WHAT TO DO: Across the data below, how many lines hold "Fixpoint"? Answer with that number and nothing else.
EXERCISE MATERIAL section start
(* In the social learning model, suppose $G_-$ and $G_+$ are continuous and the left tail of $G_-$ is convex and differentiable. Then for every $L\in\mathbb{R}$ there exists $m_L>0$ such that for every $t\ge1$ and every $x\ge L$ with $\mathbb{P}_+(\ell_t=x)>0$, $$\mathbb{P}_+(E_t\mid \ell_t=x)\ge m_L.$$
   Context: Social learning model. A state $\theta\in\{-1,+1\}$ is drawn with $\mathbb{P}(\theta=+1)=\mathbb{P}(\theta=-1)=1/2$. Agents $t=1,2,\dots$ receive private signals $s_t\in\mathbb{R}$ that are i.i.d. conditionally on $\theta$, with CDF $F_+$ if $\theta=+1$ and $F_-$ if $\theta=-1$; $F_+$ and $F_-$ are mutually absolutely continuous. Let $L_t=\log\frac{\mathbb{P}(\theta=+1\mid s_t)}{\mathbb{P}(\theta=-1\mid s_t)}$ be the private log-likelihood ratio, and let $G_+$, $G_-$ denote the CDFs of $L_t$ conditional on $\theta=+1$, $\theta=-1$ respectively. Signals are assumed unbounded: for every $M\in\mathbb{R}$, $\mathbb{P}(L_t>M)>0$ and $\mathbb{P}(L_t<-M)>0$. Agent $t$ observes $a_1,\dots,a_{t-1}$ and her own signal and chooses $a_t\in\{-1,+1\}$ (utility $1$ if $a_t=\theta$, else $0$). The public belief is $\mu_t=\mathbb{P}(\theta=+1\mid a_1,\dots,a_{t-1})$ and $\ell_t=\log\frac{\mu_t}{1-\mu_t}$ (so $\ell_1=0$). In equilibrium $a_t=+1$ iff $\ell_t+L_t>0$, and otherwise $a_t=-1$. Consequently $\ell_{t+1}=\ell_t+D_+(\ell_t)$ if $a_t=+1$ and $\ell_{t+1}=\ell_t+D_-(\ell_t)$ if $a_t=-1$, where $D_+(x)=\log\frac{1-G_+(-x)}{1-G_-(-x)}$ and $D_-(x)=\log\frac{G_+(-x)}{G_-(-x)}$. We write $\mathbb{P}_+(\cdot)=\mathbb{P}(\cdot\mid\theta=+1)$ and $\mathbb{E}_+$ for the corresponding expectation. ''The left tail of $G_-$ is convex and differentiable'' means: there exists $x_0\in\mathbb{R}$ such that the restriction of $G_-$ to $(-\infty,x_0)$ is convex and differentiable. $E_t$ denotes the event that $a_\tau=+1$ for all $\tau\ge t$. *)

From Stdlib Require Import Reals List.
Open Scope R_scope.

Definition is_cdf (G : R -> R) : Prop :=
  (forall x y, x <= y -> G x <= G y) /\
  (forall x eps, 0 < eps -> exists d, 0 < d /\
      forall y, x <= y < x + d -> Rabs (G y - G x) < eps) /\
  (forall eps, 0 < eps -> exists M, forall x, x <= - M -> G x < eps) /\
  (forall eps, 0 < eps -> exists M, forall x, M <= x -> 1 - eps < G x).

(* (Gp, Gm) are the conditional CDFs of a log-likelihood ratio L, i.e.
   dGp(l) = e^l dGm(l).  Stated measure-freely on half-open intervals (a,b]:
   the Gp-mass of (a,b] lies between e^a and e^b times its Gm-mass. *)
Definition llr_pair (Gp Gm : R -> R) : Prop :=
  is_cdf Gp /\ is_cdf Gm /\
  forall a b, a < b ->
    exp a * (Gm b - Gm a) <= Gp b - Gp a <= exp b * (Gm b - Gm a).

(* Unbounded signals: for every M, P(L > M) > 0 and P(L < -M) > 0, with
   P the unconditional law (prior 1/2 - 1/2). *)
Definition unbounded_signals (Gp Gm : R -> R) : Prop :=
  forall M, 0 < (Gp M + Gm M) / 2 < 1.

Definition convex_on_lt (G : R -> R) (x0 : R) : Prop :=
  forall x y lam, x < x0 -> y < x0 -> 0 <= lam <= 1 ->
    G (lam * x + (1 - lam) * y) <= lam * G x + (1 - lam) * G y.

Definition left_tail_convex_diff (G : R -> R) : Prop :=
  exists x0, convex_on_lt G x0 /\
    forall x, x < x0 -> exists l, derivable_pt_lim G x l.

Definition Dplus (Gp Gm : R -> R) (x : R) : R :=
  ln ((1 - Gp (- x)) / (1 - Gm (- x))).
Definition Dminus (Gp Gm : R -> R) (x : R) : R :=
  ln (Gp (- x) / Gm (- x)).

(* action true = +1, false = -1 *)
Definition step (Gp Gm : R -> R) (x : R) (a : bool) : R :=
  if a then x + Dplus Gp Gm x else x + Dminus Gp Gm x.

(* P_+(a_t = a | l_t = x): a_t = +1 iff l_t + L_t > 0, L_t ~ Gp under theta=+1,
   independent of the past. *)
Definition act_prob_plus (Gp : R -> R) (x : R) (a : bool) : R :=
  if a then 1 - Gp (- x) else Gp (- x).

(* Running a history of actions from public llr x: returns the final public
   llr and the P_+-probability of that history. *)
Fixpoint run (Gp Gm : R -> R) (x : R) (h : list bool) : R * R :=
  match h with
  | nil => (x, 1)
  | a :: h' =>
      let r := run Gp Gm (step Gp Gm x a) h' in
      (fst r, act_prob_plus Gp x a * snd r)
  end.

Fixpoint all_hist (n : nat) : list (list bool) :=
  match n with
  | O => nil :: nil
  | S k => map (cons true) (all_hist k) ++ map (cons false) (all_hist k)
  end.

Definition sumR (l : list R) : R := fold_right Rplus 0 l.

(* P_+(l_t = x): histories a_1..a_{t-1}, with l_1 = 0. *)
Definition P_llr (Gp Gm : R -> R) (t : nat) (x : R) : R :=
  sumR (map (fun h =>
     if Req_EM_T (fst (run Gp Gm 0 h)) x then snd (run Gp Gm 0 h) else 0)
   (all_hist (t - 1))).

(* P_+(l_t = x and a_t = ... = a_{t+n-1} = +1). *)
Definition P_llr_plus_run (Gp Gm : R -> R) (t : nat) (x : R) (n : nat) : R :=
  sumR (map (fun h =>
     if Req_EM_T (fst (run Gp Gm 0 h)) x
     then snd (run Gp Gm 0 (h ++ repeat true n)) else 0)
   (all_hist (t - 1))).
EXERCISE MATERIAL section end
SOLUTION TO THE PROBLEM: 2